Lidiya Ivanovna regarda le paquet de fromage blanc avec dégoût.
— Olga, tu ne peux pas acheter un produit correct ?
— Correct ? — Olga posa les sacs sur la table. — C’est celui à 9 %, comme tu l’avais demandé.
— J’ai demandé sans matière grasse ! — La voix de la belle-mère se fit plus dure. — J’ai un estomac fragile, et tu m’achètes ça ?
— Lidiya Ivanovna, vous avez dit 9 %… — Olga sortit les autres courses. — Je l’ai même noté.
— Tu n’as rien noté ! — la belle-mère saisit le ticket de caisse. — Tu as dépensé trop d’argent ! Tu as pris du pain cher, et la mauvaise saucisse !
— C’est le même pain qu’on achète d’habitude. — La patience d’Olga commençait à s’effilocher. — La saucisse n’a pas d’additifs, comme Andrey aime.
— Ne me contredis pas ! — Lidiya Ivanovna leva les mains au ciel. — Quelle belle-fille es-tu ? Tu ne sais pas économiser, tu ne sais pas cuisiner !
— Qu’est-ce que j’ai mal cuisiné ? — Olga sentit son visage rougir.

— La soupe d’hier, c’était de l’eau ! La viande était dure, les pommes de terre pas assez cuites !
— La viande était fraîche, je l’ai mijotée deux heures. — Olga se retenait. — Les pommes de terre étaient tendres.
— Ne discute pas ! — La belle-mère posa les mains sur les hanches. — Je cuisine depuis quarante ans, et toi tu veux me prouver quoi ?
Andrey entra brusquement dans la pièce.
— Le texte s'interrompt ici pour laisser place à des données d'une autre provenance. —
(* Let $n\ge3$, $1\le j\le n-2$ and $K\in\mathcal K^n$. For $z\in\{\pm e_n\}$, one has $z\in\operatorname{ext}(K[j],B_L^{n-1}[n-1-j])$ if and only if $\dim TS(K,z)\ge j$. For $z\in\mathbb S^{n-1}\setminus\{\pm e_n\}$, one has $z\in\operatorname{ext}(K[j],B_L^{n-1}[n-1-j])$ if and only if $\dim TS(K,z)\ge j$ and $TS(K,z)\not\subseteq L$.
   Context: $\mathcal K^n$ is the set of convex bodies in $\mathbb R^n$; $L=e_n^\perp$, $B_L^{n-1}=B^n\cap L$; $K[m]$ means $K$ repeated $m$ times. For $K\in\mathcal K^n$, $z\ne o$: $F(K,z)=\{x\in K:\langle x,z\rangle=h_K(z)\}$; $N(K,x)=\{u:\langle x,u\rangle=h_K(u)\}$ is the normal cone at $x\in\partial K$, and $N(K,F)=N(K,x)$ for $x$ in the relative interior of a nonempty convex $F\subseteq K$. The touching cone $T(K,z)$ is the unique face of $N(K,F(K,z))$ containing $z$ in its relative interior, and the touching space is $TS(K,z)=T(K,z)^\perp$ (orthogonal complement of its linear span). For $K_1,\dots,K_{n-1}\in\mathcal K^n$, $z\in\mathbb S^{n-1}$ is $(K_1,\dots,K_{n-1})$-extreme if there are linear hyperplanes $E_i\supseteq T(K_i,z)$ with $\dim(E_1\cap\dots\cap E_{n-1})=1$; $\operatorname{ext}(K_1,\dots,K_{n-1})$ is the set of such $z$. *)

From HB Require Import structures.
From mathcomp Require Import all_boot all_order all_algebra.
From mathcomp Require Import all_classical all_reals all_analysis.
Set Implicit Arguments. Unset Strict Implicit. Unset Printing Implicit Defensive.
Import Order.TTheory GRing.Theory Num.Theory.
Import numFieldNormedType.Exports.
Local Open Scope classical_set_scope.
Local Open Scope ring_scope.

Section Convex.
Variables (R : realType) (n : nat).
Notation V := 'rV[R]_n.

Definition dot (x y : V) : R := \sum_(i < n) x 0 i * y 0 i.

Definition sphere : set V := [set x | dot x x = 1].

Definition convex_set (C : set V) : Prop :=
  forall x y t, C x -> C y -> 0 <= t <= 1 -> C ((1 - t) *: x + t *: y).

Definition convex_body (K : set V) : Prop :=
  K !=set0 /\ compact K /\ convex_set K.

Definition h (K : set V) (u : V) : R := sup [set dot x u | x in K].

Definition F (K : set V) (z : V) : set V := [set x | K x /\ dot x z = h K z].

Definition NC (K : set V) (x : V) : set V := [set u | dot x u = h K u].

Definition span (S : set V) : set V :=
  [set x | exists k (v : 'I_k -> V) (c : 'I_k -> R),
     (forall i, S (v i)) /\ x = \sum_(i < k) c i *: v i].
Definition aff (S : set V) : set V :=
  [set x | exists k (v : 'I_k -> V) (c : 'I_k -> R),
     (forall i, S (v i)) /\ \sum_(i < k) c i = 1 /\ x = \sum_(i < k) c i *: v i].

Definition relint (S : set V) : set V :=
  [set x | S x /\ exists e : R, 0 < e /\
     forall y, aff S y -> dot (y - x) (y - x) < e ^+ 2 -> S y].

(* N(K,F) := N(K,x) for x in the relative interior of F *)
Definition NF (K : set V) (Fc : set V) : set V :=
  [set u | exists x, relint Fc x /\ NC K x u].

Definition face (C G : set V) : Prop :=
  G `<=` C /\ convex_set G /\
  forall x y t, C x -> C y -> 0 < t < 1 -> G ((1 - t) *: x + t *: y) -> G x /\ G y.

(* touching cone T(K,z): the (unique) face of N(K,F(K,z)) containing z in its
   relative interior; written as the intersection of all such faces *)
Definition T (K : set V) (z : V) : set V :=
  [set u | forall G, face (NF K (F K z)) G -> relint G z -> G u].

Definition perp (S : set V) : set V := [set u | forall x, span S x -> dot u x = 0].

Definition TS (K : set V) (z : V) : set V := perp (T K z).

Definition has_dim_ge (S : set V) (k : nat) : Prop :=
  exists s : seq V, [/\ size s = k, (forall x, x \in s -> S x) & free s].
Definition sdim (S : set V) : nat := \max_(k < n.+1 | `[< has_dim_ge S k >]) k.

Definition hyp (a : V) : set V := [set x | dot a x = 0].

Definition ext (Ks : 'I_n.-1 -> set V) : set V :=
  [set z | sphere z /\ exists a : 'I_n.-1 -> V,
     (forall i, a i != 0 /\ T (Ks i) z `<=` hyp (a i)) /\
     sdim (\bigcap_(i in [set: 'I_n.-1]) hyp (a i)) = 1%N].

Definition en : V := \row_(i < n) (i.+1 == n)%:R.
Definition Lsp : set V := [set x | dot x en = 0].
Definition BL : set V := [set x | dot x x <= 1 /\ Lsp x].

Definition famKB (K : set V) (j : nat) : 'I_n.-1 -> set V :=
  fun i => if (i < j)%N then K else BL.

End Convex.

From Pilot Require Import Defs.
From HB Require Import structures.
From mathcomp Require Import all_boot all_order all_algebra.
From mathcomp Require Import all_classical all_reals all_analysis.
From mathcomp Require Import ring lra zify.
Import Order.TTheory GRing.Theory Num.Theory.
Import numFieldNormedType.Exports.
Local Open Scope classical_set_scope.
Local Open Scope ring_scope.

(* Since z lies in each of its touching cones, z is (K_1, ..., K_{n-1})-extreme iff
   there are n-1 linearly independent vectors a_i with T(K_i, z) inside a_i^perp.
   For the copies of K this says a_i is in TS(K, z).  The touching cone of B_L is
   contained in the line R e_n at z = +-e_n; at any other unit z it lies in the
   plane spanned by z and e_n and contains e_n, so there the condition on a_i is
   orthogonality to both z and e_n.  At +-e_n, j independent vectors of TS(K, z)
   therefore extend to n-1 independent ones by vectors of L.  Elsewhere the last
   n-1-j vectors lie in the (n-2)-dimensional space {z, e_n}^perp, so independence
   forces some vector of TS(K, z) off L; conversely, such a vector, completed to j
   independent ones inside TS(K, z), extends by vectors of {z, e_n}^perp. *)

Section ExtremeDirections.
Variables (R : realType) (n : nat).
Notation V := 'rV[R]_n.
Notation dot := (@dot R n).
Notation vspan := (@vector.span _ _).
Notation en := (@en R n).
Notation BL := (@BL R n).
Notation Lsp := (@Lsp R n).

(** * Inner product *)

Lemma dotC (x y : V) : dot x y = dot y x.
Proof. by apply: eq_bigr => i _; rewrite mulrC. Qed.

Lemma dotDl (x y w : V) : dot (x + y) w = dot x w + dot y w.
Proof. by rewrite /Defs.dot -big_split; apply: eq_bigr => i _; rewrite mxE mulrDl. Qed.

Lemma dotZl (c : R) (x w : V) : dot (c *: x) w = c * dot x w.
Proof. by rewrite /Defs.dot mulr_sumr; apply: eq_bigr => i _; rewrite mxE mulrA. Qed.

Lemma dot0l (w : V) : dot 0 w = 0.
Proof. by rewrite -(scale0r 0) dotZl mul0r. Qed.

Lemma dotNl (x w : V) : dot (- x) w = - dot x w.
Proof. by rewrite -scaleN1r dotZl mulN1r. Qed.

Lemma dotBl (x y w : V) : dot (x - y) w = dot x w - dot y w.
Proof. by rewrite dotDl dotNl. Qed.

Lemma dot_suml (I : Type) (r : seq I) (P : pred I) (F : I -> V) w :
  dot (\sum_(i <- r | P i) F i) w = \sum_(i <- r | P i) dot (F i) w.
Proof. by elim/big_rec2: _ => [|i y1 y2 _ <-]; rewrite ?dot0l ?dotDl. Qed.

Lemma dotDr (x y w : V) : dot w (x + y) = dot w x + dot w y.
Proof. by rewrite !(dotC w) dotDl. Qed.

Lemma dotZr (c : R) (x w : V) : dot w (c *: x) = c * dot w x.
Proof. by rewrite !(dotC w) dotZl. Qed.

Lemma dot0r (w : V) : dot w 0 = 0.
Proof. by rewrite dotC dot0l. Qed.

Lemma dotNr (x w : V) : dot w (- x) = - dot w x.
Proof. by rewrite !(dotC w) dotNl. Qed.

Lemma dotBr (x y w : V) : dot w (x - y) = dot w x - dot w y.
Proof. by rewrite dotDr dotNr. Qed.

Lemma dot_sumr (I : Type) (r : seq I) (P : pred I) (F : I -> V) w :
  dot w (\sum_(i <- r | P i) F i) = \sum_(i <- r | P i) dot w (F i).
Proof. by rewrite dotC dot_suml; apply: eq_bigr => i _; rewrite dotC. Qed.

Lemma dot_ge0 (x : V) : 0 <= dot x x.
Proof. by apply: sumr_ge0 => i _; rewrite -expr2 sqr_ge0. Qed.

Lemma dot_eq0 (x : V) : (dot x x == 0) = (x == 0).
Proof.
apply/idP/idP => [|/eqP ->]; last by rewrite dot0l.
rewrite /Defs.dot psumr_eq0 => [/allP x0|i _]; last by rewrite -expr2 sqr_ge0.
apply/eqP/matrixP => i k; rewrite (ord1 i) mxE.
by have := x0 k (mem_index_enum k); rewrite -expr2 sqrf_eq0 => /eqP.
Qed.

Lemma dotBB (x y : V) : dot (x - y) (x - y) = dot x x - 2 * dot x y + dot y y.
Proof. rewrite dotBl !dotBr (dotC y x); lra. Qed.

Lemma dot_le1 (x q : V) : dot x x <= 1 -> dot q q = 1 -> dot x q <= 1.
Proof. by move=> x1 q1; have := dot_ge0 (x - q); rewrite dotBB; lra. Qed.

Lemma dot_eq1 (x q : V) : dot x x <= 1 -> dot q q = 1 -> dot x q = 1 -> x = q.
Proof.
move=> x1 q1 xq; apply/eqP; rewrite -subr_eq0 -dot_eq0 eq_le dot_ge0 andbT.
by rewrite dotBB xq q1; lra.
Qed.

Definition nrm (x : V) : R := Num.sqrt (dot x x).

Lemma nrm_sqr (x : V) : nrm x ^+ 2 = dot x x.
Proof. by rewrite sqr_sqrtr ?dot_ge0. Qed.

Lemma nrm_eq0 (x : V) : (nrm x == 0) = (x == 0).
Proof. by rewrite sqrtr_eq0 le_eqVlt ltNge dot_ge0 orbF dot_eq0. Qed.

Lemma nrm_gt0 (x : V) : x != 0 -> 0 < nrm x.
Proof. by rewrite -nrm_eq0 lt_def sqrtr_ge0 andbT. Qed.

Lemma scale_nrm (x : V) : x != 0 -> nrm x *: ((nrm x)^-1 *: x) = x.
Proof. by move=> x0; rewrite scalerA mulfV ?scale1r // nrm_eq0. Qed.

Lemma dot_normalize (x : V) : x != 0 ->
  dot ((nrm x)^-1 *: x) ((nrm x)^-1 *: x) = 1.
Proof.
move=> x0; rewrite dotZl dotZr -nrm_sqr mulrA -expr2 exprVn mulVf //.
by rewrite expf_neq0 // nrm_eq0.
Qed.

Lemma dot_le_nrm (x u : V) : dot x x <= 1 -> dot x u <= nrm u.
Proof.
move=> x1; have [->|u0] := eqVneq u 0; first by rewrite dot0r /nrm dot0l sqrtr0.
rewrite -{1}(scale_nrm _ u0) dotZr ler_piMr ?sqrtr_ge0 //.
exact: dot_le1 (dot_normalize _ u0).
Qed.

Lemma dot_eq_nrm (x u : V) : dot x x <= 1 -> u != 0 -> dot x u = nrm u ->
  x = (nrm u)^-1 *: u.
Proof.
move=> x1 u0 xu; apply: dot_eq1 x1 (dot_normalize _ u0) _.
by rewrite dotZr xu mulVf // nrm_eq0.
Qed.

(** * Dimension and orthogonal complements *)

Lemma sdimP (S : set V) k : (k <= sdim S)%N <-> has_dim_ge S k.
Proof.
have take_dim k' k'' : (k' <= k'')%N -> has_dim_ge S k'' -> has_dim_ge S k'.
  move=> le [s [sz Ss fs]]; exists (take k' s); split.
  - by rewrite size_takel // sz.
  - by move=> x /mem_take; apply: Ss.
  - by move: fs; rewrite -{1}(cat_take_drop k' s) => /catl_free.
split => [le|Sk].
  apply: take_dim le _; apply: (big_ind (has_dim_ge S)).
  - by exists [::]; split => //; exact: nil_free.
  - by move=> x y Sx Sy; rewrite /maxn; case: ifP.
  - by move=> i /asboolP.
have kn : (k < n.+1)%N.
  case: Sk => s [<- _ /eqP <-]; have := dimvS (subvf (vspan s)).
  by rewrite dimvf /dim /= mul1n.
apply: (@leq_bigmax_cond _ _ (fun i : 'I_n.+1 => nat_of_ord i) (Ordinal kn)).
exact/asboolP.
Qed.

Lemma has_dim_ge_vspace (S : set V) (U : {vspace V}) k :
  (forall x, x \in U -> S x) -> (k <= \dim U)%N -> has_dim_ge S k.
Proof.
move=> US le; apply/sdimP; apply: leq_trans le _; apply/sdimP.
exists (vbasis U); split; [exact: size_tuple | by move=> x /vbasis_mem /US |].
exact: basis_free (vbasisP U).
Qed.

Definition orth (s : seq V) : set V := [set x | forall v, v \in s -> dot v x = 0].

Lemma orth_span {s : seq V} {x w : V} : orth s x -> w \in vspan s -> dot w x = 0.
Proof.
move=> sx ws; rewrite (coord_span (X := in_tuple s) ws) dot_suml big1 // => i _.
by rewrite dotZl sx ?mulr0 // mem_nth.
Qed.

Definition dotrow (s : seq V) (x : V) : 'rV[R]_(size s) := \row_(i < size s) dot s`_i x.

Lemma dotrow_is_linear s : linear (dotrow s).
Proof. by move=> a x y; apply/matrixP => i k; rewrite !mxE dotDr dotZr. Qed.

HB.instance Definition _ (s : seq V) :=
  GRing.isLinear.Build R V 'rV[R]_(size s) *:%R (dotrow s) (dotrow_is_linear s).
Sa chemise était déboutonnée, sa cravate défaite. Son visage rouge d’agacement.
— C’est quoi ce vacarme ? — aboya-t-il. — Je viens de rentrer du travail, on dirait un marché ici !
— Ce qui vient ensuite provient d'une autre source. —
(* Let $G$ be a Ricci-flat graph with maximum degree at most $4$ that contains an edge $(x,y)$ with $d(x)=3$ and $d(y)=4$. Then $(x,y)$ is not contained in any cycle of length $3$.
   Context: All graphs are simple (no loops or multiple edges), undirected, connected and locally finite; $d(x)$ is the degree of $x$ and $d(x,y)$ the graph distance. For a vertex $x$ and $\alpha\in[0,1]$ let $\mu_x^\alpha$ be the probability measure with $\mu_x^\alpha(x)=\alpha$, $\mu_x^\alpha(z)=\frac{1-\alpha}{d(x)}$ for $z\sim x$, and $0$ otherwise. The transportation distance is $W(\mu_1,\mu_2)=\inf_A\sum_{u,v}A(u,v)d(u,v)$ over all couplings $A$ of $\mu_1,\mu_2$. Set $k_\alpha(x,y)=1-W(\mu_x^\alpha,\mu_y^\alpha)/d(x,y)$ and $k(x,y)=\lim_{\alpha\to1}k_\alpha(x,y)/(1-\alpha)$ (Lin–Lu–Yau Ricci curvature). A graph is Ricci-flat if $k(x,y)=0$ for every edge $(x,y)$. An edge is contained in a cycle of length $\ell$ if some cycle subgraph of $G$ with $\ell$ vertices uses that edge. *)

From Stdlib Require Import Reals Lra List Classical ClassicalEpsilon.
From Coquelicot Require Import Coquelicot.
Import ListNotations.
Open Scope R_scope.

(* A locally finite simple graph on a vertex type V is given by the list of
   neighbours of each vertex: nbr x lists the neighbours of x. *)
Definition adj {V : Type} (nbr : V -> list V) (x y : V) : Prop := In y (nbr x).

Definition simple_graph {V : Type} (nbr : V -> list V) : Prop :=
  (forall x, NoDup (nbr x)) /\
  (forall x, ~ adj nbr x x) /\
  (forall x y, adj nbr x y -> adj nbr y x).

Definition deg {V : Type} (nbr : V -> list V) (x : V) : nat := length (nbr x).

Inductive walk {V : Type} (nbr : V -> list V) : nat -> V -> V -> Prop :=
| walk0 : forall u, walk nbr 0 u u
| walkS : forall n u w v, adj nbr u w -> walk nbr n w v -> walk nbr (S n) u v.

Definition connected {V : Type} (nbr : V -> list V) : Prop :=
  forall u v, exists n, walk nbr n u v.

(* graph distance: least length of a walk (finite for connected graphs) *)
Definition gdist {V : Type} (nbr : V -> list V) (u v : V) : R :=
  real (Glb_Rbar (fun r => exists n, walk nbr n u v /\ r = INR n)).

Definition decP (P : Prop) : bool :=
  if excluded_middle_informative P then true else false.

Definition mu {V : Type} (nbr : V -> list V) (alpha : R) (x z : V) : R :=
  (if decP (z = x) then alpha else 0) +
  (if decP (In z (nbr x)) then (1 - alpha) / INR (deg nbr x) else 0).

Definition lsum {T : Type} (l : list T) (f : T -> R) : R :=
  fold_right Rplus 0 (map f l).

(* support list of mu_x^alpha (without duplicates in a simple graph) *)
Definition ball1 {V : Type} (nbr : V -> list V) (x : V) : list V := x :: nbr x.

(* couplings of mu_x^alpha and mu_y^alpha; any coupling is supported on
   ball1 x * ball1 y, so it is given by its values there *)
Definition coupling {V : Type} (nbr : V -> list V) (alpha : R) (x y : V)
  (A : V -> V -> R) : Prop :=
  (forall u v, 0 <= A u v) /\
  (forall u, In u (ball1 nbr x) -> lsum (ball1 nbr y) (fun v => A u v) = mu nbr alpha x u) /\
  (forall v, In v (ball1 nbr y) -> lsum (ball1 nbr x) (fun u => A u v) = mu nbr alpha y v).

Definition transport_cost {V : Type} (nbr : V -> list V) (x y : V) (A : V -> V -> R) : R :=
  lsum (ball1 nbr x) (fun u => lsum (ball1 nbr y) (fun v => A u v * gdist nbr u v)).

Definition W {V : Type} (nbr : V -> list V) (alpha : R) (x y : V) : R :=
  real (Glb_Rbar (fun c => exists A, coupling nbr alpha x y A /\ c = transport_cost nbr x y A)).

Definition k_alpha {V : Type} (nbr : V -> list V) (alpha : R) (x y : V) : R :=
  1 - W nbr alpha x y / gdist nbr x y.

(* Lin-Lu-Yau curvature k(x,y) = lim_{alpha -> 1} k_alpha(x,y)/(1-alpha);
   "k(x,y) = c" means this limit exists and equals c. *)
Definition llY_curvature_is {V : Type} (nbr : V -> list V) (x y : V) (c : R) : Prop :=
  filterlim (fun alpha => k_alpha nbr alpha x y / (1 - alpha)) (at_left 1) (locally c).

Definition ricci_flat {V : Type} (nbr : V -> list V) : Prop :=
  forall x y, adj nbr x y -> llY_curvature_is nbr x y 0.

Definition edge_in_cycle3 {V : Type} (nbr : V -> list V) (x y : V) : Prop :=
  exists z, z <> x /\ z <> y /\ adj nbr x z /\ adj nbr y z.

(* The Lin-Lu-Yau curvature of an edge xy is read off W(mu_x^al, mu_y^al) for al near 1:
   an explicit transport plan of cost at most 1 - c (1 - al) forces k(x,y) >= c > 0, and a
   1-Lipschitz function f with E_{mu_x} f - E_{mu_y} f >= 1 + c (1 - al) forces
   k(x,y) <= -c < 0 (the easy half of Kantorovich duality).

   Suppose xy lies in a triangle xyz and let a be the third neighbour of x.  If a is a leaf,
   k(x,a) > 0.  If d(z) is 2 or 3, k(x,z) > 0.  If d(z) = 4, write N(y) = {x,z,b,c} and
   N(z) = {x,y,w1,w2}: when a is within distance 2 of one of b, c, w1, w2, routing mass
   through that vertex gives k(x,y) > 0 or k(x,z) > 0; otherwise every neighbour of a other
   than x is at distance at least 3 from y and z, and the potential with values 2, 3, 3, 1
   at x, y, z, a (and 0 elsewhere) gives k(x,a) < 0.  Each case contradicts Ricci-flatness. *)

From Stdlib Require Import Reals Lra Lia List Permutation Classical ClassicalEpsilon.
From Coquelicot Require Import Coquelicot.
Import ListNotations.
Open Scope R_scope.

Lemma decP_spec (P : Prop) : (P /\ decP P = true) \/ (~ P /\ decP P = false).
Proof. unfold decP; destruct (excluded_middle_informative P); auto. Qed.

Lemma decP_iff (P Q : Prop) : (P <-> Q) -> decP P = decP Q.
Proof.
  intros HPQ.
  destruct (decP_spec P) as [[HP ->]|[HP ->]], (decP_spec Q) as [[HQ ->]|[HQ ->]]; tauto.
Qed.

Ltac decide_decP :=
  repeat match goal with |- context [decP ?P] =>
    let H := fresh "H" in
    destruct (decP_spec P) as [[H ->]|[H ->]]; try (exfalso; simpl in H; intuition congruence)
  end.

Section Sums.
Context {T : Type}.

Lemma lsum_plus (l : list T) f g : lsum l (fun a => f a + g a) = lsum l f + lsum l g.
Proof. induction l; unfold lsum in *; simpl; [ring | rewrite IHl; ring]. Qed.

Lemma lsum_minus (l : list T) f g : lsum l (fun a => f a - g a) = lsum l f - lsum l g.
Proof. induction l; unfold lsum in *; simpl; [ring | rewrite IHl; ring]. Qed.

Lemma lsum_scal_l (l : list T) f c : lsum l (fun a => c * f a) = c * lsum l f.
Proof. induction l; unfold lsum in *; simpl; [ring | rewrite IHl; ring]. Qed.

Lemma lsum_scal_r (l : list T) f c : lsum l (fun a => f a * c) = lsum l f * c.
Proof. induction l; unfold lsum in *; simpl; [ring | rewrite IHl; ring]. Qed.

Lemma lsum_const (l : list T) c : lsum l (fun _ => c) = INR (length l) * c.
Proof.
  induction l; unfold lsum in *; simpl length; [simpl; ring|].
  rewrite S_INR; simpl; rewrite IHl; ring.
Qed.

Lemma lsum_zero (l : list T) : lsum l (fun _ => 0) = 0.
Proof. rewrite lsum_const; ring. Qed.

Lemma lsum_ext_in (l : list T) f g : (forall a, In a l -> f a = g a) -> lsum l f = lsum l g.
Proof.
  induction l as [|b l IHl]; intros Hfg; unfold lsum in *; simpl; auto.
  rewrite Hfg, IHl; simpl; auto; intros; apply Hfg; simpl; auto.
Qed.

Lemma lsum_le (l : list T) f g : (forall a, In a l -> f a <= g a) -> lsum l f <= lsum l g.
Proof.
  induction l as [|b l IHl]; intros Hfg; unfold lsum in *; simpl; [lra|].
  apply Rplus_le_compat; [apply Hfg | apply IHl]; simpl; auto.
  intros; apply Hfg; simpl; auto.
Qed.

Lemma lsum_nonneg (l : list T) f : (forall a, In a l -> 0 <= f a) -> 0 <= lsum l f.
Proof. intros Hf; rewrite <- (lsum_zero l); apply lsum_le; auto. Qed.

Lemma lsum_same (l l' : list T) f :
  NoDup l -> NoDup l' -> (forall u, In u l <-> In u l') -> lsum l f = lsum l' f.
Proof.
  intros Hl Hl' Hll'; pose proof (NoDup_Permutation Hl Hl' Hll') as Hp; clear - Hp.
  induction Hp; unfold lsum in *; simpl; lra.
Qed.

Lemma lsum_select_notin (l : list T) a g :
  ~ In a l -> lsum l (fun s => if decP (a = s) then g s else 0) = 0.
Proof.
  intros Ha; transitivity (lsum l (fun _ => 0)); [apply lsum_ext_in | apply lsum_zero]; intros s Hs.
  destruct (decP_spec (a = s)) as [[-> _]|[_ ->]]; [contradiction | reflexivity].
Qed.

Lemma lsum_select (l : list T) a g :
  NoDup l -> In a l -> lsum l (fun s => if decP (a = s) then g s else 0) = g a.
Proof.
  induction l as [|b l IHl]; intros Hl Ha; [contradiction|].
  apply NoDup_cons_iff in Hl as [Hb Hl].
  unfold lsum; simpl; fold (lsum l (fun s => if decP (a = s) then g s else 0)).
  destruct Ha as [<-|Ha].
  - rewrite lsum_select_notin by assumption; decide_decP; ring.
  - rewrite IHl by assumption; decide_decP; ring.
Qed.

End Sums.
— Fils ! — Lidiya Ivanovna adoucit aussitôt la voix. — Olga a encore pris les mauvais produits. Elle gaspille de l’argent, ça ne sert à rien !
— Maman a raison ! — Andrey n’écoutait même pas les explications de sa femme. — Combien de fois faut-il te dire : économise !
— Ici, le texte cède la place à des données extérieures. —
(* Let $p\ge2$ and $n,\ell,t$ be positive integers. Every $t$-tandem-duplication-correcting code $\mathcal{C}\subseteq\mathbb{Z}_p^n$ with respect to duplication length $\ell$ satisfies $$n-\log_p|\mathcal{C}|\ge t\log_p n-t\log_p\bigl(t(p-1)\bigr)-t(\ell+1).$$
   Context: $\mathbb{Z}_p=\{0,1,\dots,p-1\}$. For a word $\mathbf{x}$ over $\mathbb{Z}_p$ and $0\le i\le|\mathbf{x}|-\ell$, write $\mathbf{x}=\mathbf{u}\mathbf{v}\mathbf{w}$ with $|\mathbf{u}|=i$, $|\mathbf{v}|=\ell$; the tandem duplication of length $\ell$ at position $i$ produces $\mathbf{u}\mathbf{v}\mathbf{v}\mathbf{w}$. The ball $B_t^{\tau_\ell}(\mathbf{x})$ is the set of words obtainable from $\mathbf{x}$ by at most $t$ successive tandem duplications of length $\ell$. A code $\mathcal{C}\subseteq\mathbb{Z}_p^n$ is $t$-tandem-duplication-correcting (duplication length $\ell$) if $B_t^{\tau_\ell}(\mathbf{c})\cap B_t^{\tau_\ell}(\mathbf{c}')=\emptyset$ for all distinct $\mathbf{c},\mathbf{c}'\in\mathcal{C}$. *)

From mathcomp Require Import all_boot.
From Stdlib Require Import Reals.
Set Implicit Arguments. Unset Strict Implicit. Unset Printing Implicit Defensive.

(* tandem duplication of length l at position i: x = u v w, |u| = i, |v| = l,
   result u v v w; defined only when i + l <= |x|. *)
Definition tdup (T : Type) (l i : nat) (x : seq T) : seq T :=
  take (i + l) x ++ drop i x.

Definition tdup_step (T : Type) (l : nat) (x y : seq T) : Prop :=
  exists i, i + l <= size x /\ y = tdup l i x.

Fixpoint tdup_k (T : Type) (l k : nat) (x y : seq T) : Prop :=
  match k with
  | 0 => y = x
  | k'.+1 => exists z, tdup_k l k' x z /\ tdup_step l z y
  end.

Definition tdup_ball (T : Type) (l t : nat) (x : seq T) : seq T -> Prop :=
  fun y => exists k, k <= t /\ tdup_k l k x y.

Definition tdup_correcting (p n l t : nat) (C : {set n.-tuple 'I_p}) : Prop :=
  forall c c' : n.-tuple 'I_p, c \in C -> c' \in C -> c != c' ->
    forall y : seq 'I_p, ~ (tdup_ball l t (tval c) y /\ tdup_ball l t (tval c') y).

Definition logp (p : nat) (x : R) : R := (ln x / ln (INR p))%R.

(* Record for a word x the positions j with x_j != x_(j+l), i.e. the support
   of its l-step difference vector.  A tandem duplication of length l merely
   inserts l zeros into this vector, so it preserves its weight w, and a word
   of weight w has at least 'C(w + t, t) distinct t-fold descendants, one for
   each way of spreading t blocks of zeros over the w + 1 zero runs.  As the
   balls of a code are disjoint and there are p^l 'C(N, w) (p-1)^w words of
   length l + N and weight w, the number A_w of codewords of weight w
   satisfies A_w 'C(w + t, t) <= p^l 'C(N, w) (p-1)^w, where l + N = n + t l.
   By 'C(N, w) 'C(N + t, t) = 'C(N + t, w + t) 'C(w + t, t) and the binomial
   theorem, summing over w gives |C| 'C(N + t, t) (p-1)^t <= p^(N + t + l);
   it remains to use n^t <= t^t 'C(N + t, t) and take logarithms. *)

From mathcomp Require Import all_boot.
From Stdlib Require Import Reals Lra.
(* Reals rebinds [^] on nat to [Nat.pow]; re-importing ssrnat restores [expn]. *)
From mathcomp Require Import ssrnat zify ring.
Set Implicit Arguments. Unset Strict Implicit. Unset Printing Implicit Defensive.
— Andrey, j’ai tout pris sur la liste. — Olga se tourna vers lui. — Ta mère a demandé le fromage blanc à 9 %.
— Ne mens pas ! — Andrey s’emporta. — Maman a raison !
— Elle a demandé sans matière grasse ! — intervint Lidiya Ivanovna. — Et tu as ramené autre chose !
— Lidiya Ivanovna, vous-même… — Olga commença.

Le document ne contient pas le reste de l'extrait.